Sherlyn dapat melihat tatapan yang begitu khawatir dari Andrew. Apa Andrew berkata jujur? Karena ia sangat yakin yang Andrew lihat adalah Chris. Melihat ketulusan Andrew membuatnya sedikit tenang.
“Maaf telah membohongimu, aku hanya sedang lelah untuk menemui siapapun.” Ujar Sherlyn dan tersenyum canggung.
“Tidak apa, aku mengerti.”
Andrew menatapnya dengan senyuman lembut. Tapi senyuman itu hanya bertahan beberapa detik setelah matanya kini beralih ke sesuatu yang berada dibelakang Sherlyn.
“Untuk apa pria itu disini?”
Sherlyn menatap kearah belakangnya, disana terlihat Chris yang juga menatap tajam tepat kearah Andrew. Sherlyn mendumel kesal, mengapa Chris malah menampakkan diri? Namun Sherlyn kini berdehem dan dengan cepat menarik Chris dan juga mendorongnya keluar pintu tepat disebelah Andrew.
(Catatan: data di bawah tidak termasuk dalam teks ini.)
Lemma card_valley_words c m p q j : p + q = m ->
  #|[set w : m.-tuple bool | valley_word c p j w]| = valley_count c p q j.
Proof.
elim: m c p q j => [|m IH] c p q j.
  move=> /eqP; rewrite addn_eq0 => /andP [/eqP-> /eqP->].
  by rewrite card_tuple0; case: c; case: j.
move=> def_m; rewrite card_tuple_cons big_bool /=.
have up_part : #|[set w : m.-tuple bool | valley_word c p j (true :: w)]| =
  if p is p'.+1 then
    match c with
    | Up => valley_count Up p' q j
    | UpDown => 0
    | DownDown => if j is j'.+1 then valley_count Up p' q j' else 0
    end
  else 0.
  case: p def_m => [|p] def_m; first by apply: eq_card0 => w; rewrite !inE.
  have {}IH := IH _ p q _ (eq_add_S _ _ def_m).
  case: c; [by rewrite -IH | by apply: eq_card0 => w; rewrite !inE /valley_word andbF |].
  case: j => [|j]; [apply: eq_card0 | rewrite -IH; apply: eq_card] => w;
    by rewrite !inE /valley_word /=; case: (valleys Up w) => [i|]; rewrite /= ?andbF.
have down_part : #|[set w : m.-tuple bool | valley_word c p j (false :: w)]| =
  if q is q'.+1 then valley_count (if c is Up then UpDown else DownDown) p q' j else 0.
  case: q def_m {up_part} => [|q] def_m.
    apply: eq_card0 => w; rewrite !inE /valley_word /= add0n.
    have := count_size id w; rewrite size_tuple.
    by case: eqP => // ->; lia.
  by rewrite -(IH _ p q) //; apply/eq_add_S; rewrite -addnS.
have pq_gt0 : 0 < p + q by rewrite def_m.
rewrite up_part down_part; case: c {up_part down_part}.
- by rewrite valley_count_Up.
- by rewrite valley_count_UpDown //; case: p {def_m pq_gt0}.
- by rewrite valley_count_DownDown.
Qed.

Definition valley_term k j := 'C(k, j) * 'C(k.+1 - j, j).

Definition valley_sum k := \sum_(j < k.+1) valley_term k j.

Lemma num_gd_UDU_valley_sum k : num_gd_UDU k.+1 = valley_sum k.
Proof.
rewrite /num_gd_UDU /gd_UDU_paths.
have -> : (k.+1).*2 = (k + k.+1).+1 by rewrite -addnn addSn.
rewrite (card_tuple_cons _ (fun w => [&& count id w == k.+1, head false w & avoids_UDU w])).
rewrite big_bool /= [X in _ + X]eq_card0 ?addn0 => [|w]; last by rewrite !inE andbF.
transitivity #|[set w : (k + k.+1).-tuple bool | (count id w == k) && isSome (valleys Up w)]|.
  apply: eq_card => w; have [avoid_Up _ _] := valleys_avoids_UDU w.
  by rewrite !inE add1n eqSS avoid_Up.
rewrite (card_partition_Some (n := k)) => [|w j /eqP count_w /valleys_le_count]; last first.
  by rewrite count_w.
by apply: eq_bigr => j _; rewrite (card_valley_words Up j (erefl (k + k.+1))).
Qed.

(** * A recurrence for the binomial sum *)

Definition trinomial n i := 'C(n, i) * 'C(n - i, i).

Lemma trinomial_small n i : n < i.*2 -> trinomial n i = 0.
Proof. by move=> lt_n_2i; rewrite /trinomial (@bin_small (n - i)) ?muln0 //; lia. Qed.

Lemma trinomial_succr n i :
  i.+1 ^ 2 * trinomial n i.+1 = (n - i.*2) * (n - i.*2).-1 * trinomial n i.
Proof.
have h1 := mul_bin_left n i; have h2 := mul_bin_left (n - i.+1) i.
have h3 := mul_bin_down (n - i) i; rewrite -subnS in h3.
have -> : n - i.*2 = n - i - i by lia.
have -> : (n - i - i).-1 = n - i.+1 - i by lia.
rewrite /trinomial.
transitivity ((i.+1 * 'C(n, i.+1)) * (i.+1 * 'C(n - i.+1, i.+1))); first by ring.
rewrite h1 h2; transitivity ('C(n, i) * (n - i.+1 - i) * ((n - i) * 'C(n - i.+1, i))).
  by ring.
by rewrite h3; ring.
Qed.

Lemma trinomial_succ n i :
  i.+1 ^ 2 * trinomial n.+1 i.+1 = n.+1 * (n - i.*2) * trinomial n i.
Proof.
have h1 := mul_bin_diag n.+1 i; have h2 := mul_bin_left (n - i) i.
have -> : n - i.*2 = n - i - i by lia.
rewrite /trinomial subSS.
transitivity ((i.+1 * 'C(n.+1, i.+1)) * (i.+1 * 'C(n - i, i.+1))); first by ring.
by rewrite -h1 h2 /=; ring.
Qed.

Lemma trinomial_succ2 n i :
  i.+1 ^ 2 * trinomial n.+2 i.+1 = n.+2 * n.+1 * trinomial n i.
Proof.
have h1 := mul_bin_diag n.+2 i; have h2 := mul_bin_diag (n.+1 - i) i.
have h3 := mul_bin_down n.+1 i.
rewrite -subnS subSS in h2; rewrite /trinomial subSS.
transitivity ((i.+1 * 'C(n.+2, i.+1)) * (i.+1 * 'C(n.+1 - i, i.+1))); first by ring.
rewrite -h1 -h2; transitivity (n.+2 * ((n.+1 - i) * 'C(n.+1, i)) * 'C(n - i, i)).
  by ring.
by rewrite -h3; ring.
Qed.

Lemma valley_term_trinomial k j : k.+1 * valley_term k j = (k.+1 - j) * trinomial k.+1 j.
Proof. by rewrite mulnA mul_bin_down mulnA. Qed.

Import GRing.Theory Num.Theory.
Local Open Scope ring_scope.

Lemma natr_mul_pred (R : pzRingType) m : (m * m.-1)%:R = m%:R * (m%:R - 1) :> R.
Proof. by case: m => [|m]; rewrite ?mul0r // natrM -natr1 addrK. Qed.

Lemma natr_sub_double (R : pzRingType) n i :
  (i.*2 <= n)%N -> (n - i.*2)%:R = n%:R - 2 * i%:R :> R.
Proof. by move=> le_2i_n; rewrite natrB // -mul2n natrM. Qed.

Lemma eq_divr_nat (R : numFieldType) (x y : R) c : (0 < c)%N -> c%:R * x = y -> x = y / c%:R.
Proof. by move=> c_gt0 <-; rewrite mulrAC divff ?mul1r // pnatr_eq0 -lt0n. Qed.

Lemma trinomial_succr_rat n i :
  (trinomial n i.+1)%:R =
    (n%:R - 2 * i%:R) * (n%:R - 2 * i%:R - 1) / i.+1%:R ^+ 2 * (trinomial n i)%:R :> rat.
Proof.
rewrite mulrAC -natrX; apply: eq_divr_nat; rewrite ?expn_gt0 // -[LHS]natrM trinomial_succr.
have [le_2i_n | lt_n_2i] := leqP i.*2 n; last by rewrite trinomial_small // muln0 mulr0.
by rewrite -natr_sub_double // -natr_mul_pred -natrM.
Qed.

Lemma trinomial_succ_rat n i :
  (trinomial n.+1 i.+1)%:R =
    n.+1%:R * (n%:R - 2 * i%:R) / i.+1%:R ^+ 2 * (trinomial n i)%:R :> rat.
Proof.
rewrite mulrAC -natrX; apply: eq_divr_nat; rewrite ?expn_gt0 // -[LHS]natrM trinomial_succ.
have [le_2i_n | lt_n_2i] := leqP i.*2 n; last by rewrite trinomial_small // muln0 mulr0.
by rewrite -natr_sub_double // -!natrM.
Qed.

Lemma trinomial_succ2_rat n i :
  (trinomial n.+2 i.+1)%:R = n.+2%:R * n.+1%:R / i.+1%:R ^+ 2 * (trinomial n i)%:R :> rat.
Proof.
by rewrite mulrAC -natrX; apply: eq_divr_nat; rewrite ?expn_gt0 // -[LHS]natrM trinomial_succ2 !natrM.
Qed.

Lemma valley_term_trinomial_rat k j :
  (valley_term k j)%:R = (k.+1%:R - j%:R) / k.+1%:R * (trinomial k.+1 j)%:R :> rat.
Proof.
rewrite mulrAC; apply: eq_divr_nat; rewrite ?expn_gt0 // -[LHS]natrM valley_term_trinomial.
have [le_j_k1 | lt_k1_j] := leqP j k.+1; first by rewrite natrM natrB.
by rewrite /trinomial bin_small // !mul0n !muln0 mulr0.
Qed.

(* The certificate produced by Zeilberger's algorithm for [valley_sum]. *)
Definition valley_cert k j : rat :=
  if j is i.+1 then (4 * i%:R - 4 * k%:R - 6) * (trinomial k.+1 i)%:R else 0.

Lemma valley_term_cert k j :
  k.+3%:R * (valley_term k.+2 j)%:R - 2 * k.+3%:R * (valley_term k.+1 j)%:R
    - 3 * k.+1%:R * (valley_term k j)%:R = valley_cert k j.+1 - valley_cert k j.
Proof.
rewrite /valley_cert; case: j => [|i].
  by rewrite /valley_term /trinomial !bin0 !muln1 -!natr1; ring.
rewrite !valley_term_trinomial_rat.
rewrite (trinomial_succ2_rat k.+1 i) (trinomial_succ_rat k.+1 i) (trinomial_succr_rat k.+1 i).
by rewrite -!natr1; field; rewrite !natr1 !pnatr_eq0.
Qed.

Lemma valley_sum_widen k N : (k < N)%N ->
  (valley_sum k)%:R = \sum_(j < N) (valley_term k j)%:R :> rat.
Proof.
move=> lt_k_N; rewrite natr_sum (big_ord_widen N (fun j => (valley_term k j)%:R)) //.
rewrite big_mkcond; apply: eq_bigr => j _; case: ltnP => // lt_k_j.
by rewrite /valley_term bin_small.
Qed.

Lemma valley_sum_rec k :
  k.+3%:R * (valley_sum k.+2)%:R =
    2 * k.+3%:R * (valley_sum k.+1)%:R + 3 * k.+1%:R * (valley_sum k)%:R :> rat.
Proof.
apply/eqP; rewrite -subr_eq0 opprD addrA.
rewrite !(@valley_sum_widen _ k.+3) //; last by lia.
rewrite !mulr_sumr -!sumrB; under eq_bigr => j _ do rewrite valley_term_cert.
rewrite -(big_mkord xpredT (fun j => valley_cert k j.+1 - valley_cert k j)).
by rewrite telescope_sumr // /valley_cert /trinomial bin_small // mul0n mulr0 subrr.
Qed.
(** * The generating function *)

Section DivisibilityByXn.
Variable R : fieldType.
Implicit Types p : {poly R}.

Lemma dvdp_XnP K p : reflect (forall i, (i < K)%N -> p`_i = 0) ('X^K %| p).
Proof.
apply: (iffP (dvdpP _ _)) => [[r ->] i lt_i_K | p_lt_K]; first by rewrite coefMXn lt_i_K.
exists (drop_poly K p); rewrite -{1}(poly_take_drop K p) addrC -[RHS]addr0; congr (_ + _).
by apply/polyP => i; rewrite coef_take_poly coef0; case: ifP => // /p_lt_K.
Qed.

Lemma dvdp_Xn_deriv K p : 'X^(K.+1) %| p -> 'X^K %| p^`().
Proof.
case/dvdpP => r ->; rewrite derivM derivXn /= exprS mulrCA mulrA mulrnAr -mulrnAl.
by apply: dvdp_add; apply/dvdp_mull/dvdpp.
Qed.

Lemma coprimep_Xn K p : ~~ root p 0 -> coprimep ('X^K) p.
Proof.
move=> p0_neq0; apply: coprimep_expl.
by rewrite coprimep_sym -[X in coprimep _ X]subr0 -polyC0 coprimep_XsubC.
Qed.

Lemma dvdp_Xn_sqr_deriv K (w r : {poly R}) :
  'X^(K.+1) %| w ^+ 2 - r -> 'X^K %| r * w^`() *+ 2 - w * r^`().
Proof.
move=> w2_r; have -> : r * w^`() *+ 2 - w * r^`() =
    w * (w ^+ 2 - r)^`() - (w ^+ 2 - r) * w^`() *+ 2.
  by rewrite derivB expr2 derivM; ring.
apply: dvdp_sub; first exact/dvdp_mull/dvdp_Xn_deriv.
rewrite -mulrnAr; apply: dvdp_mulr; apply: dvdp_trans w2_r.
by rewrite exprS; apply/dvdp_mull/dvdpp.
Qed.

End DivisibilityByXn.

Definition radicand : {poly rat} := 1 - 'X *+ 2 - 'X^2 *+ 3.

Lemma coef_radicand_ode (p : {poly rat}) n :
  (radicand * p^`() - p *+ 2)`_n.+1 =
    n.+2%:R * p`_n.+2 - 2 * n.+2%:R * p`_n.+1 - 3 * n%:R * p`_n.
Proof.
rewrite /radicand !mulrBl mul1r !mulrnAl -mulrA !coefB !coefMn !coefXM coefXnM.
by rewrite !coef_deriv; case: n => [|n] /=; rewrite ?subSS ?subn0; ring.
Qed.

Lemma deriv_radicand : radicand^`() = - 2 - 'X *+ 6.
Proof. by rewrite /radicand !derivE /=; ring. Qed.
“Aku lelah, aku harus tidur. Kalian bisa pulang, sampai besok di kampus.”
Tanpa mengucapan sepatah katapun lagi Sherlyn kini menutup pintunya dan menguncinya. Sherlyn menyenderkan pungunggnya pada pintu di belakangnya. Hari ini benar-benar begitu berat baginya.
__ADS_1
To be continue...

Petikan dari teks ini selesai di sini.